Delia always the more exuberant, Sara more pensive, the two a tight pair. In moments when Nora might be housekeeping or cooking, letting her whirring mind momentarily float while her body sliced apples or sorted laundry, the breeze might stir, or the quiet might accumulate into a question, and Nora would glance up, as if waking, to find Sara steadily watching her. Then Nora would summon herself, step forward into her body, find her voice: she'd offer Sara and Delia apple slices, or toss a sock to Sara and say her name, or join the girls at the table with their crayons.

Sara elicited a different kind of breathlessness in Nora. If both girls were playing on the beach, the present did not collapse into the time before Rome. With Sara there, Delia did not become Molly, but on rare days Nora's vertigo recurred. The fact of Sara and Delia playing in the sand seemed to be the most fragile of realities, one kept aloft by hypervigilance and counted breaths. Any undetected random force might intervene and sweep them away. Nora remained still, waiting for the atmospheric charge to dissipate. And again someone would speak: Nora herself, or one of the girls, and the moment would flip, the day settling into a benign fair-weather day. Here was a bucket of water to splash; here was a neighbor's dog; here the stack of shells with which to ornament a castle. A few minutes later Nora might laugh, or make the girls laugh, the world again known. Now and then they would ask about Molly—where was she now? Why not here? Nora found herself
scrambling, lamely answering “In heaven” and “I don't know.” Sara asked if Molly might come back. “No, love,” Nora said, and flatly changed the subject.

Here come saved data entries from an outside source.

(* Let $\alpha>-1$ and for $i=1,2,3,\ldots$ define the polynomials $$a_i(x)=\frac{1}{i!}\sum_{j=1}^i(-1)^{i+j+1}\binom{\alpha+1}{j-1}\binom{\alpha+2}{i-j}(\alpha+3)_{i-j}\,x^j .$$ Then for every real $x$, $$\sum_{i=1}^{\infty}a_i(x)=-\frac{\sin\pi\alpha}{\pi}\,\frac{x}{(\alpha+2)(\alpha+3)}\;{}_1F_1\!\left(\begin{matrix}1\\ \alpha+4\end{matrix};-x\right).$$ Moreover, if $\alpha\in\{0,1,2,\ldots\}$, then for every $k=1,2,3,\ldots$ $$\sum_{i=k}^{\infty}\binom{i}{k}a_i(x)=(-1)^{\alpha+k}a_k(-x);$$ in particular, for such $\alpha$, $\sum_{i=1}^\infty a_i(x)=0$ and $\sum_{i=1}^\infty i\,a_i(x)=(-1)^{\alpha+1}x$.
   Context: $(a)_0=1$, $(a)_k=a(a+1)\cdots(a+k-1)$ is the Pochhammer symbol; $\binom{\gamma}{m}=\frac{\gamma(\gamma-1)\cdots(\gamma-m+1)}{m!}$ denotes the generalized binomial coefficient for real $\gamma$ and nonnegative integer $m$. ${}_pF_q$ denotes the generalized hypergeometric series $\sum_{k\ge0}\frac{(a_1)_k\cdots(a_p)_k}{(b_1)_k\cdots(b_q)_k}\frac{z^k}{k!}$. (These $a_i$ are the coefficients of the infinite-order differential equation $M\sum_{i\ge0}a_i(x)y^{(i)}(x)+xy''(x)+(\alpha+1-x)y'(x)+ny(x)=0$ satisfied by Koornwinder's generalized Laguerre polynomials orthogonal w.r.t. $\frac{1}{\Gamma(\alpha+1)}x^\alpha e^{-x}+M\delta(x)$.) *)

From Stdlib Require Import Reals.
From Coquelicot Require Import Coquelicot.
Open Scope R_scope.
Lemma hull_U_of_edges y : (forall l, 0 <= det2 (edge l) (y - U l)) -> hU y.
Proof.
move=> y_left; have [l [l_y y_l1]] := exists_sector y.
set d := det2 (U l) (U l.+1); have d_gt0 : 0 < d := det2_succ_gt0 l.
have d_neq0 : d != 0 by rewrite gt_eqF.
set al := - det2 (U l.+1) y / d.
set be := det2 (U l) y / d.
set ga := det2 (edge l) (y - U l) / d.
have al_ge0 : 0 <= al by rewrite divr_ge0 ?oppr_ge0 // ltW.
have be_ge0 : 0 <= be by rewrite divr_ge0 // ltW.
have ga_ge0 : 0 <= ga by rewrite divr_ge0 // ltW.
have sum1 : al + be + ga = 1.
  by rewrite /al /be /ga /edge /d /det2 !coordE; field.
have y_eq : y = al *: U l + be *: U l.+1 + (ga / 2) *: U 0 + (ga / 2) *: U n.
  by rewrite -[n]add0n U_sym /al /be /d; apply: xcyc_inj; rewrite !coordE /det2; field.
(* [y] lies in the sector spanned by [U l] and [U l.+1]; the remaining weight
   [ga] is split between the antipodal vertices [U 0] and [U n], which cancel. *)
pose w (i : 'I_4) := nth 0 [:: al; be; ga / 2; ga / 2] i.
have := @hull_convex_comb _ _ _ m_gt0 U_per 4 w
  (fun i => nth 0%N [:: l; l.+1; 0%N; n] i).
rewrite !big_ord_recl !big_ord0 /= !addr0 !addrA -y_eq; apply.
  by rewrite /w => -[[|[|[|[|//]]]] ?] //=; apply: divr_ge0.
by rewrite /w /=; lra.
Qed.

Lemma diag_eq_of_lower c :
  (forall i, (i < n)%N -> diag i = c *: U i) -> forall i, diag i = c *: U i.
Proof.
move=> diag_lo i; rewrite (periodic_mod diag_per) (periodic_mod U_per i).
have := ltn_pmod i m_gt0; set k := (i %% m)%N => k_lt_m.
have [k_lt_n|n_le_k] := ltnP k n; first exact: diag_lo.
have -> : k = ((k - n) + n)%N by rewrite subnK.
by rewrite diagDn U_sym diag_lo ?scalerN //; lia.
Qed.

Lemma diag_eq_of_parallel :
  (forall i, (i < n)%N -> det2 (diag i) (U i) = 0) ->
  exists c, forall i, (i < n)%N -> diag i = c *: U i.
Proof.
move=> diag_par.
have U01 : det2 (U 0) (U 1) != 0 := lt0r_neq0 (det2_succ_gt0 0).
exists (det2 (diag 0) (U 1) / det2 (U 0) (U 1)); set c := _ / _.
elim=> [_|i IH i_lt_n].
  apply/subr0_eq/(det2_eq0_basis _ _ U01).
    by rewrite det2Bl det2Zl det2xx mulr0 subr0 diag_par //; lia.
  by rewrite det2Bl det2Zl /c divfK // subrr.
have diag_i := IH (ltnW i_lt_n).
have := diag_par _ i_lt_n; rewrite diagS diag_i.
set mu := lam i + lam (i + n)%N.
have -> : det2 (c *: U i + mu *: edge i) (U i.+1) = (c - mu) * det2 (U i) (U i.+1).
  by rewrite /edge /det2 !coordE; ring.
move/eqP; rewrite mulf_eq0 (negbTE (lt0r_neq0 (det2_succ_gt0 i))) orbF subr_eq0.
by move=> /eqP mu_c; rewrite -mu_c /edge; pt_ring.
Qed.

Lemma edge_neq0 i : edge i != 0.
Proof.
by apply/negP => /eqP e0; have := det2_edge_succ_gt0 i; rewrite e0 det20l ltxx.
Qed.

Lemma lam_pair_eq t :
  (forall i, diag i = t *: U i) -> forall i, lam i + lam (i + n)%N = t.
Proof.
move=> diag_t i; apply/eqP; rewrite -subr_eq0.
have step := diagS i; rewrite !diag_t in step.
have : (lam i + lam (i + n)%N - t) *: edge i =
    t *: U i + (lam i + lam (i + n)%N) *: edge i - t *: U i.+1.
  by rewrite /edge; pt_ring.
by rewrite -step subrr => /eqP; rewrite scaler_eq0 (negbTE (edge_neq0 i)) orbF.
Qed.

Lemma diag_scale_gt0 t :
  has_interior hP -> (forall i, diag i = t *: U i) -> 0 < t.
Proof.
move=> P_int diag_t; have lam_t := lam_pair_eq diag_t.
have t_ge0 : 0 <= t by rewrite -(lam_t 0%N) addr_ge0.
rewrite lt_neqAle t_ge0 andbT; apply/eqP => t0.
have lam0 i : lam i = 0.
  by have := lam_t i; have := lam_ge0 i; have := lam_ge0 (i + n)%N; lra.
have P_const j : P j = P 0 by elim: j => [|j IH] //; rewrite P_succ lam0 scale0r addr0.
apply: (has_interior_not_point (p := P 0%N) P_int) => _ [w [_ [w_sum1 ->]]].
under eq_bigr do rewrite P_const.
by rewrite -scaler_suml w_sum1 scale1r.
Qed.

Lemma homothetic_of_diag_eq t :
  has_interior hP -> (forall i, diag i = t *: U i) -> homothetic (diff_body hP) hU.
Proof.
move=> P_int diag_t; have t_gt0 := diag_scale_gt0 P_int diag_t.
exists 0, t; split => //; apply/seteqP; split.
  move=> _ [p Pp [q Pq <-]].
  exists (t^-1 *: (p - q)); last by rewrite add0r scalerA mulfV ?scale1r // gt_eqF.
  apply: hull_U_of_edges => l.
  have -> : U l = t^-1 *: diag l by rewrite diag_t scalerA mulVf ?scale1r // gt_eqF.
  rewrite -scalerBr det2Zr pmulr_rge0 ?invr_gt0 // /diag !det2Br !(det2C (edge l)).
  have := hull_det2_le (det2_P_edge_max l) Pp.
  have := hull_det2_ge (det2_P_edge_min l) Pq.
  lra.
move=> _ [u [w [w_ge0 [w_sum1 ->]]] <-].
exists (\sum_i w i *: P i).
  exact: (@hull_convex_comb _ _ _ m_gt0 P_per _ w (fun i => nat_of_ord i)).
exists (\sum_i w i *: P (i + n)%N).
  exact: (@hull_convex_comb _ _ _ m_gt0 P_per _ w (fun i => (i + n)%N)).
rewrite -sumrB add0r scaler_sumr; apply: eq_bigr => j _.
by rewrite -scalerBr -/(diag j) diag_t !scalerA mulrC.
Qed.

Lemma parallel_diagonalsE :
  (forall i, (i < n)%N -> det2 (P i - P (i + n)%N) (U i - U (i + n)%N) = 0) <->
  (forall i, (i < n)%N -> det2 (diag i) (U i) = 0).
Proof.
have E i : det2 (P i - P (i + n)%N) (U i - U (i + n)%N) = 2 * det2 (diag i) (U i).
  by rewrite U_sym /diag /det2 !coordE; ring.
by split=> par i /par; rewrite E => h; lra.
Qed.

Lemma scaled_diagonalsE :
  (exists a : R, forall i, (i < n)%N ->
     P i - P (i + n)%N = (2 * a) *: (U i - U (i + n)%N)) <->
  (exists c, forall i, (i < n)%N -> diag i = c *: U i).
Proof.
have E a i : (2 * a) *: (U i - U (i + n)%N) = (4 * a) *: U i by rewrite U_sym; pt_ring.
split=> [[a sc]|[c sc]].
  by exists (4 * a) => i /sc dE; rewrite -E -dE.
by exists (c / 4) => i /sc dE; rewrite E (mulrC 4) divfK ?pnatr_eq0.
Qed.

Lemma constant_width_tfae : has_interior hP ->
  [/\ (constant_width hU hP <-> homothetic (diff_body hP) hU),
      (homothetic (diff_body hP) hU <->
        (forall i, (i < n)%N -> det2 (P i - P (i + n)%N) (U i - U (i + n)%N) = 0)) &
      ((forall i, (i < n)%N -> det2 (P i - P (i + n)%N) (U i - U (i + n)%N) = 0) <->
        (exists a : R, forall i, (i < n)%N ->
            P i - P (i + n)%N = (2 * a) *: (U i - U (i + n)%N)))].
Proof.
move=> P_int.
have width_lo : constant_width hU hP ->
    exists c, forall i, (i < n)%N -> diag i = c *: U i.
  by case=> c /diag_eq_of_width diag_c; exists c => i _.
have lo_hom : (exists c, forall i, (i < n)%N -> diag i = c *: U i) ->
    homothetic (diff_body hP) hU.
  by case=> c /diag_eq_of_lower; exact: homothetic_of_diag_eq.
have lo_par : (exists c, forall i, (i < n)%N -> diag i = c *: U i) ->
    forall i, (i < n)%N -> det2 (diag i) (U i) = 0.
  by case=> c diag_c i /diag_c ->; rewrite det2Zl det2xx mulr0.
split; split.
- by move/width_lo/lo_hom.
- exact: constant_width_of_homothetic.
- by move/constant_width_of_homothetic/width_lo/lo_par/parallel_diagonalsE.
- by move/parallel_diagonalsE/diag_eq_of_parallel/lo_hom.
- by move/parallel_diagonalsE/diag_eq_of_parallel/scaled_diagonalsE.
- by move/scaled_diagonalsE/lo_par/parallel_diagonalsE.
Qed.

End Polygon.

Theorem corollary2p6 (R : realType) (n : nat) (U P : nat -> 'rV[R]_2)
  (lam : nat -> R)
  (hn : (2 <= n)%N)
  (Uper : forall i, U (i + 2 * n)%N = U i)
  (Uconv : convex_ccw_polygon U (2 * n))
  (Usym : forall i, U (i + n)%N = - U i)
  (Pper : forall i, P (i + 2 * n)%N = P i)
  (Pint : has_interior (hull P (2 * n)))
  (lam_ge0 : forall i, 0 <= lam i)
  (Pside : forall i, P i.+1 - P i = lam i *: (U i.+1 - U i)) :
  [/\ (constant_width (hull U (2 * n)) (hull P (2 * n)) <->
        homothetic (diff_body (hull P (2 * n))) (hull U (2 * n))),
      (homothetic (diff_body (hull P (2 * n))) (hull U (2 * n)) <->
        (forall i, (i < n)%N -> det2 (P i - P (i + n)%N) (U i - U (i + n)%N) = 0)) &
      ((forall i, (i < n)%N -> det2 (P i - P (i + n)%N) (U i - U (i + n)%N) = 0) <->
        (exists a : R, forall i, (i < n)%N ->
            P i - P (i + n)%N = (2 * a) *: (U i - U (i + n)%N)))].
Proof. exact: (constant_width_tfae hn Uper Uconv Usym Pper lam_ge0 Pside Pint). Qed.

The night of Delia's fifth birthday, it was not the sensation of vertigo she felt, but something just beyond; what seemed to be the stunning relief of vertigo allayed, a surer balance. Because Delia was five. This relief had not arrived on Sara's fifth birthday—hope, yes, but not balance—only Delia's, because Delia was the youngest, and yes, because of the resemblance to Molly, the perennially four Molly. And even
balance
, Nora understood, was provisional, but that night balance nonetheless. She thought of James, and in that moment not the James who had divorced her, the James of legal squabbles and late support payments, but the James who had returned without Molly to the hotel in Rome. It was the Rome James she wanted to find. On such a day—in its way transcendent—the desire alone felt potent enough to summon
that
James, and by telephone, from the house in Blue Rock.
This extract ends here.